The warmth of her mother’s sad smile almost made up for the fact that her hand, where it lay along Mason’s cheek, was ice-cold.
“But,” she said, “here we are.”
She turned and led Mason around a last sharp bend of the cavern path that led to where an arching hole in the mountain opened up onto a wide rock shelf. Hel gestured Mason forward and she stepped through into the open air and marveled at the vista that spread before her. It was the most breathtaking landscape she had ever seen. In the far distance, a range of high, sharp-peaked mountains rose, purple in the fading light of what seemed to Mason like late afternoon, although she couldn’t see the sun and didn’t know exactly where the light was coming from. Snowcaps shimmered silvery white on top while below, situated at the center of a lush green vale several miles wide, the golden roofs of a cluster of buildings surrounded by a high, palisaded wall sparked blinding fire. The largest structure of all was a huge, long hall, with a roof tiled with what looked like thousands of gold and silver scales—warriors’ shields—and
its gables curved upward like the fore and aft of a great dragon-prowed ship. Mason knew, instinctively, what this place was. Asgard.
Valhalla.
Home . . .
She shook her head to dispel the subtle voice that whispered that last word inside her head. It had sounded a little bit like Loki, but she knew that it had to be just her imagination playing tricks on her.
The cave they had just come out of was a little ways up one of the lesser mountains that ringed the valley plain. Mason took another step forward so she could better take in the view.

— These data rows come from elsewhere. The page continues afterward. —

Lemma depends_only_on_decode (I : finType) (F : ontic I -> 'I_4) j :
  depends_only_on (fun o => qbit (F o)) j -> depends_only_on (fun o => pbit (F o)) j ->
  depends_only_on F j.
Proof.
move=> [Dq Hq] [Dp Hp]; exists (fun x => decode (Dq x) (Dp x)) => o.
by rewrite -Hq -Hp decodeK.
Qed.

Section FinestDivision.
Variable N : nat.

Definition finest (i : 'I_N) : 'I_N := i.

Definition finest_site (j : 'I_N) : Defs.group_of finest j :=
  exist (fun i => finest i == j) j (eqxx j).

Lemma finest_site_unique j (y : Defs.group_of finest j) : y = finest_site j.
Proof. by apply: val_inj; apply/eqP; exact: (valP y). Qed.

Lemma product_state_finest_box (E : {set ontic 'I_N}) :
  product_state finest E -> is_box [pred o : ontic 'I_N | o \in E].
Proof.
case=> Es [_ ->].
exists (fun j x => ([ffun=> x] : ontic (Defs.group_of finest j)) \in Es j) => o /=.
have restr_const j : restr finest j o = [ffun=> o j].
  by apply/ffunP => y; rewrite !ffunE (finest_site_unique y).
by rewrite inE; apply: eq_forallb => j; rewrite restr_const.
Qed.

Lemma product_state_halfspace (i : 'I_N) a c b : a || c ->
  product_state finest [set o : ontic 'I_N | teval1 a c (o i) == b].
Proof.
move=> ac.
exists (fun j => [set o' | teval (tobs_at (finest_site j) ((j == i) && a) ((j == i) && c)) o'
                          == (j == i) && b]); split.
  move=> j; apply: valid_eigenset.
  exists [ffun=> decode (a && b) (~~ a && b)]; rewrite teval_at ffunE.
  by case: (j == i); rewrite ?teval1_decode.
apply/setP => o; rewrite !inE; apply/idP/forallP => [/eqP oi j | Ho].
  by rewrite inE teval_at ffunE /=; case: (eqVneq j i) => [->|]; rewrite ?oi.
by have := Ho i; rewrite inE teval_at ffunE eqxx.
Qed.

End FinestDivision.

Section NonEntangling.
Variables (N : nat) (T : {perm ontic 'I_N}).
Hypothesis T_nonent : non_entangling T.
Local Open Scope group_scope.

Lemma non_entangling_bit i a c : a || c ->
  exists j, depends_only_on (fun o => teval1 a c (T^-1 o i)) j.
Proof.
move=> ac; pose F o := teval1 a c (T^-1 o i).
change (exists j, depends_only_on F j).
have box_half b : is_box [pred o | F o == b].
  have [B HB] := product_state_finest_box (T_nonent (product_state_halfspace i b ac)).
  by exists B => o; rewrite -HB /= -preim_permV !inE.
have F_wit b : F (T [ffun=> decode (a && b) (~~ a && b)]) = b.
  by rewrite /F permK ffunE teval1_decode.
have F_box : is_box F.
  by have [B HB] := box_half true; exists B => o; rewrite -HB /= eqb_id.
have nF_box : is_box (predC F).
  by have [B HB] := box_half false; exists B => o; rewrite -HB /= eqbF_neg.
apply: (box_complement_depends F_box nF_box (F_wit true)
                                (o0 := T [ffun=> decode (a && false) (~~ a && false)])).
by rewrite F_wit.
Qed.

She walked to the very edge of a steep descending staircase cut into the side of the mountain and peered over a rocky outcropping to look straight down. Directly below where she stood, she could see the green plain that stretched out toward the Asgardian halls. . . . At least, Mason imagined it would be a green plain, when it wasn’t covered in fighting men and blood and body parts.
“I thought you said I wouldn’t have to fight anyone!” she said, drawing back from the edge of the rock shelf, horrified. There were so many men fighting, and it wasn’t just on one front. The fighting actually completely encircled the cluster of buildings that was their destination. They didn’t have a hope of reaching it . . .

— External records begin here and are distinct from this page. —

(** The uniform measure on one period of a periodic orbit is F-invariant,
    since F^{-1}(B) contains the predecessor of every orbit point in B, and
    invariance survives countable convex combinations. X being compact
    metric, countably many balls B_k form a pi-base; weighting by 2^-(k+1)
    orbit measures of periodic orbits through the B_k gives an invariant nu
    of full support. Every invariant mu is then the weak* limit of the
    invariant, fully supported (1 - t) mu + t nu as t -> 0, and mu has full
    support iff the integral of a continuous bump supported in B_k is
    positive for every k: a countable intersection of weak* open sets. *)

Section probability_of.
Context d (T : measurableType d) (R : realType) (m : {measure set T -> \bar R}).

(* The ignored argument carries the proof needed by the probability instance. *)
Definition probability_of (_ : m setT = 1%E) (A : set T) := m A.

Variable m1 : m setT = 1%E.

HB.instance Definition _ := isMeasure.Build _ _ _ (probability_of m1)
  (measure0 m) (@measure_ge0 _ _ _ m) (@measure_semi_sigma_additive _ _ _ m).
HB.instance Definition _ :=
  Measure_isProbability.Build _ _ _ (probability_of m1) m1.

End probability_of.
Arguments probability_of {d T R m}.

Section measure_constructions.
Context {R : realType} {d} {T : measurableType d}.

Definition cycle_measure (s : nat -> T) (p : nat) :=
  msum (fun j => mscale ((p%:R : R)^-1)%:nng (@dirac _ T (s j) R)) p.

Definition geometric_mixture (mu : nat -> probability T R) :=
  mseries (fun k => mscale (((2:R)^-1) ^+ k.+1)%:nng (mu k)) 0.

Definition convex_mixture (t : R) (t0 : 0 <= t) (t1 : 0 <= 1 - t)
    (mu nu : probability T R) :=
  measure_add (mscale (NngNum t1) mu) (mscale (NngNum t0) nu).

Local Open Scope ereal_scope.

Lemma cycle_measure_setT s p : (0 < p)%N -> cycle_measure s p setT = 1.
Proof.
move=> p_gt0; rewrite /cycle_measure /msum /=.
under eq_bigr do rewrite /mscale /= diracT mule1.
by rewrite sumEFin sumr_const card_ord -mulr_natr mulVf // pnatr_eq0 -lt0n.
Qed.

Lemma cycle_measure_gt0 s p (A : set T) :
  (0 < p)%N -> A (s 0%N) -> 0 < cycle_measure s p A.
Proof.
case: p => [//|q] _ As0; rewrite /cycle_measure /msum /= big_ord_recl /=.
apply: lte_paddr; first by apply: sume_ge0 => i _; exact: measure_ge0.
by rewrite /mscale /= diracE mem_set //= mul1e lte_fin invr_gt0 ltr0n.
Qed.

Lemma eseries_half_powers : \sum_(0 <= k <oo) (((2:R)^-1) ^+ k.+1)%:E = 1.
Proof.
have half_pow :
    (fun k => 1 / (2 ^ (k + 1))%N%:R)%R = (fun k => (2:R)^-1 ^+ k.+1)%R.
  by apply/funext => k; rewrite div1r natrX exprVn addn1.
have := @cvg_geometric_series_half R 1 0; rewrite half_pow expr0 divr1.
move=> cvg_half; apply/cvg_lim => //.
rewrite (_ : (fun n => _) = EFin \o series (fun k => ((2:R)^-1) ^+ k.+1)%R).
  by apply: cvg_EFin; [exact: nearW | exact: cvg_half].
by apply/funext => n; rewrite /series /= sumEFin.
Qed.

Lemma geometric_mixture_setT (mu : nat -> probability T R) :
  geometric_mixture mu setT = 1.
Proof.
rewrite /geometric_mixture /mseries /= -eseries_half_powers.
by apply: eq_eseriesr => k _; rewrite /mscale /= probability_setT mule1.
Qed.

Lemma geometric_mixture_gt0 (mu : nat -> probability T R) k (A : set T) :
  measurable A -> 0 < mu k A -> 0 < geometric_mixture mu A.
Proof.
move=> mA muA; rewrite /geometric_mixture /mseries /=.
apply: (@lt_le_trans _ _ (mscale (((2:R)^-1 ^+ k.+1)%:nng)%R (mu k) A)).
  by rewrite /mscale /= mule_gt0 // lte_fin exprn_gt0.
apply: le_trans (nneseries_lim_ge k.+1 _) => [|n _ _]; last exact: measure_ge0.
rewrite big_nat_recr //= leeDr //; apply: sume_ge0 => n _; exact: measure_ge0.
Qed.

Lemma convex_mixtureE t t0 t1 (mu nu : probability T R) A :
  @convex_mixture t t0 t1 mu nu A = (1 - t)%:E * mu A + t%:E * nu A.
Proof. by rewrite /convex_mixture measure_addE. Qed.

Lemma convex_mixture_setT t t0 t1 (mu nu : probability T R) :
  @convex_mixture t t0 t1 mu nu setT = 1.
Proof. by rewrite convex_mixtureE !probability_setT !mule1 -EFinD subrK. Qed.

End measure_constructions.

Lemma big_ord_shift_periodic {A I : Type} {idx : A} {op : Monoid.com_law idx}
    (f : I -> A) (s : nat -> I) p :
  (forall j, s (j + p)%N = s j) ->
  \big[op/idx]_(j < p) f (s j.+1) = \big[op/idx]_(j < p) f (s j).
Proof.
case: p => [|q] per; first by rewrite !big_ord0.
by rewrite big_ord_recr big_ord_recl /= -(per 0%N) add0n Monoid.mulmC.
Qed.

Section preimF_monotone.
Context {R : realType} {X : ptopologicalType} (F : X -> set X).
Local Notation T := (BorelOf X).
Local Open Scope ereal_scope.

Definition preimF_monotone (mu : set T -> \bar R) := forall B C : set T,
  measurable B -> measurable C -> preimF F B `<=` C -> mu B <= mu C.

Lemma F_invariantP (mu : probability T R) :
  F_invariant F mu <-> preimF_monotone mu.
Proof.
split=> [inv B C mB mC BC | mono B mB].
  by apply: le_trans (inv B mB) _; apply: ereal_inf_lbound; exists C.
by apply: le_ereal_inf_tmp => _ [C [mC BC] <-]; exact: mono.
Qed.

Lemma cycle_measure_preimF_monotone (s : nat -> T) p :
  (forall j, s (j + p)%N = s j) -> (forall j, F (s j) (s j.+1)) ->
  preimF_monotone (cycle_measure s p).
Proof.
move=> per orb B C mB mC BC; rewrite /cycle_measure /msum /=.
rewrite -(big_ord_shift_periodic (fun x => mscale _ \d_x B) _ _ per).
apply: lee_sum => j _; apply: lee_wpmul2l; first by rewrite lee_fin.
rewrite /= !diracE; have [Bsj|] := boolP (s j.+1 \in B); last by rewrite lee_fin.
suff /mem_set -> : C (s j) by [].
by apply: BC; exists (s j.+1); split; [exact: orb | exact/set_mem].
Qed.

Lemma geometric_mixture_preimF_monotone (mu : nat -> probability T R) :
  (forall k, preimF_monotone (mu k)) -> preimF_monotone (geometric_mixture mu).
Proof.
move=> mono B C mB mC BC; apply: lee_nneseries => [k _ _|k _].
  exact: measure_ge0.
by apply: lee_wpmul2l; [rewrite lee_fin | exact: mono].
Qed.

Lemma convex_mixture_preimF_monotone t t0 t1 (mu nu : probability T R) :
  preimF_monotone mu -> preimF_monotone nu ->
  preimF_monotone (@convex_mixture _ _ _ t t0 t1 mu nu).
Proof.
move=> mono_mu mono_nu B C mB mC BC; rewrite !convex_mixtureE.
by apply: leeD; apply: lee_wpmul2l; rewrite ?lee_fin //;
  [exact: mono_mu | exact: mono_nu].
Qed.

End preimF_monotone.

Section bounded_integrals.
Context {R : realType} {d} {T : measurableType d}.
Local Open Scope ereal_scope.

Lemma integral_mscale (m : {measure set T -> \bar R}) (k : {nonneg R})
    (f : T -> \bar R) :
  m.-integrable setT f -> \int[mscale k m]_x f x = k%:num%:E * \int[m]_x f x.
Proof.
move=> fi; have mf := measurable_int _ fi.
rewrite [LHS]integralE [in RHS]integralE.
rewrite !ge0_integral_mscale //;
  [|exact: measurable_funeneg|exact: measurable_funepos].
rewrite [RHS]muleBr //; apply: fin_num_adde_defr; exact: integrable_pos_fin_num.
Qed.

Lemma bounded_integrable (m : {measure set T -> \bar R}) {f : T -> R} {M : R} :
  m setT < +oo -> measurable_fun setT f -> (forall x, `|f x| <= M)%R ->
  m.-integrable setT (EFin \o f).
Proof.
move=> mT mf fM; apply: measurable_bounded_integrable => //.
exists M; split; first exact: num_real.
by move=> y /ltW My x _; exact: le_trans (fM x) My.
Qed.

Lemma probability_integral_bounded (mu : probability T R) {f : T -> R} {M : R} :
  measurable_fun setT f -> (forall x, `|f x| <= M)%R ->
  exists2 a : R, \int[mu]_x (f x)%:E = a%:E & (`|a| <= M)%R.
Proof.
move=> mf fM; have fi : mu.-integrable setT (EFin \o f).
  apply: (bounded_integrable _ _ mf fM).
  exact: le_lt_trans (probability_le1 mu measurableT) (ltry _).
have fin := integrable_fin_num measurableT fi.
exists (fine (\int[mu]_x (f x)%:E)); first by rewrite fineK.
rewrite -lee_fin -abse_EFin fineK //.
apply: le_trans (le_abse_integral _ _ _) _ => //; first exact/measurable_EFinP.
rewrite -[leRHS]mule1 -(probability_setT mu).
apply: integral_le_bound => //; first exact: measurableT_comp.
  by rewrite lee_fin (le_trans _ (fM point)).
by apply: aeW => x _; rewrite lee_fin.
Qed.

Lemma integral_convex_mixture t t0 t1 (mu nu : probability T R)
    {f : T -> R} {M : R} :
  measurable_fun setT f -> (forall x, `|f x| <= M)%R ->
  \int[@convex_mixture _ _ _ t t0 t1 mu nu]_x (f x)%:E =
  (1 - t)%:E * \int[mu]_x (f x)%:E + t%:E * \int[nu]_x (f x)%:E.
Proof.
move=> mf fM.
have fi (m : probability T R) : m.-integrable setT (EFin \o f).
  apply: (bounded_integrable _ _ mf fM).
  exact: le_lt_trans (probability_le1 m measurableT) (ltry _).
have fsi (k : {nonneg R}) (m : probability T R) :
    (mscale k m).-integrable setT (EFin \o f).
  apply: (bounded_integrable _ _ mf fM); rewrite /= lte_mul_pinfty //.
  exact: le_lt_trans (probability_le1 m measurableT) (ltry _).
rewrite integral_measure_add //; [congr (_ + _) | exact: fsi | exact: fsi].
- exact: (@integral_mscale mu _ _ (fi mu)).
- exact: (@integral_mscale nu _ _ (fi nu)).
Qed.

End bounded_integrals.

Section balls.
Context {R : realType} {X : pseudoPMetricType R}.

Lemma finite_ball_cover (r : R) : compact [set: X] -> 0 < r ->
  exists D : {fset X}, [set: X] `<=` cover [set` D] (fun c => (ball c r)°).
Proof.
rewrite compact_cover => /(_ X setT (fun c => (ball c r)°)) cover_fin r_gt0.
case: cover_fin => [c _|x _|D _ DX]; [exact: open_interior| |by exists D].
by exists x => //; exact: nbhsx_ballx.
Qed.

Lemma countable_ball_base : compact [set: X] ->
  exists (c : nat -> X) (r : nat -> R), (forall k, 0 < r k) /\
    forall U : set X, open U -> U !=set0 -> exists k, ball (c k) (r k) `<=` U.
Proof.
move=> cX; pose rad n : R := n.+1%:R^-1.
have rad_gt0 n : 0 < rad n by rewrite invr_gt0.
have [D DX] := choice (fun n => finite_ball_cover _ cX (rad_gt0 n)).
(* k encodes a pair (n, i): the i-th center of a finite 1/(n+1)-net. *)
pose cr k : X * R := if choice.unpickle k is Some (n, i)
  then (nth point (enum_fset (D n)) i, rad n) else (point, 1).
exists (fun k => (cr k).1), (fun k => (cr k).2); split.
  by move=> k; rewrite /cr; case: choice.unpickle => [[n i]|];
    [exact: rad_gt0 | exact: ltr01].
move=> U + [x Ux]; rewrite openE => /(_ x Ux) /nbhs_ballP[e e_gt0 xeU].
have [N _ radN] := near_infty_natSinv_lt (PosNum (divr_gt0 e_gt0 (@ltr0Sn R 1))).
have radNe : rad N < e / 2 := radN N (leqnn N).
have [c Dc xc] := DX N x I.
exists (choice.pickle (N, index c (enum_fset (D N)))).
rewrite /cr choice.pickleK /= nth_index // => y cy; apply: xeU.
apply: (@le_ball _ _ _ (rad N + rad N)).
  by rewrite [e](splitr e) lerD // ltW.
by apply: ball_triangle cy; apply: ball_sym; exact: interior_subset xc.
Qed.

Definition bump (c : X) (r : R) : X -> R :=
  fun x => 1 - Urysohn [set c] (~` (ball c r)°) x.

Let bump_separator (c : X) (r : R) :
  0 < r -> uniform_separator [set c] (~` (ball c r)°).
Proof.
move=> r_gt0; apply: (@point_uniform_separator R).
  by apply: open_closedC; exact: open_interior.
by move=> /(_ (nbhsx_ballx c _ r_gt0)).
Qed.

Lemma bump_continuous c r : continuous (bump c r).
Proof.
by move=> x; apply: continuousB; [exact: cvg_cst | exact: Urysohn_continuous].
Qed.

Lemma bump_ge0 c r x : 0 <= bump c r x.
Proof.
have := @Urysohn_range X R [set c] (~` (ball c r)°) _ (ex_intro2 _ _ x I erefl).
by rewrite /= in_itv /= subr_ge0 => /andP[].
Qed.

Lemma bump_le1 c r x : bump c r x <= 1.
Proof.
have := @Urysohn_range X R [set c] (~` (ball c r)°) _ (ex_intro2 _ _ x I erefl).
by rewrite /= in_itv /= lerBlDr lerDl => /andP[].
Qed.

Lemma bump_center c r : 0 < r -> bump c r c = 1.
Proof.
move=> r_gt0; rewrite /bump.
rewrite (@Urysohn_sub0 _ _ _ _ (bump_separator c _ r_gt0) (Urysohn _ _ c)).
  by rewrite subr0.
by exists c.
Qed.

Lemma bump_eq0 c r x : 0 < r -> ~ ball c r x -> bump c r x = 0.
Proof.
move=> r_gt0 cx; rewrite /bump.
rewrite (@Urysohn_sub1 _ _ _ _ (bump_separator c _ r_gt0) (Urysohn _ _ x)).
  by rewrite subrr.
by exists x => // /interior_subset.
Qed.

Lemma continuous_family_bounded (f : nat -> X -> R) n : compact [set: X] ->
  (forall i, continuous (f i)) ->
  exists2 M : R, 0 <= M & forall i x, (i < n)%N -> `|f i x| <= M.
Proof.
move=> cX f_cont; elim: n => [|n [M M_ge0 fM]]; first by exists 0.
have /compact_bounded := continuous_compact (continuous_subspaceT (f_cont n)) cX.
case/pinfty_ex_gt0 => Mn Mn_gt0 fnM.
exists (Num.max M Mn); first by rewrite le_max M_ge0.
move=> i x; rewrite ltnS leq_eqVlt => /orP[/eqP-> | /fM fiM].
  by rewrite le_max fnM ?orbT //; exists x.
by rewrite le_max fiM.
Qed.

End balls.

Section Borel.
Context {R : realType} {X : pseudoPMetricType R}.
Local Notation T := (BorelOf X).

Lemma measurable_open {U : set X} : open U -> measurable (U : set T).
Proof. exact: sub_sigma_algebra. Qed.

Lemma continuous_Borel_measurable {f : X -> R} :
  continuous f -> measurable_fun [set: T] f.
Proof.
move=> /continuousP f_cont.
apply: (measurability _ (measurable_realfun.RGenOpens.measurableE R)).
move=> _ [_ [a [b ->] <-]]; rewrite setTI; apply: measurable_open.
exact/f_cont/interval_open.
Qed.

Local Open Scope ereal_scope.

Beside her, Mason heard her mother laugh for the first time.
“What?”
“Those are Odin’s Einherjar. The Lone Warriors.”
“None of those guys is alone,” Mason said. “There are a bazillion of them. And they are what’s standing between us and the hall.” She couldn’t even tell if there were two sides to the battle. It just seemed to her that, once a warrior had dispatched the man in front of him, he just turned to the next nearest and repeated the process. Friend and foe seemed utterly indistinguishable to her. It was chaos.
“They will not lift a hand against you,” her mother said, and started forth. “You must trust me.”
Mason didn’t, but she didn’t say so out loud. She was admittedly running out of options. As her mother began their descent down the steeply sloping path that led down to the battlefield and Asgard beyond, Mason fell in beside her.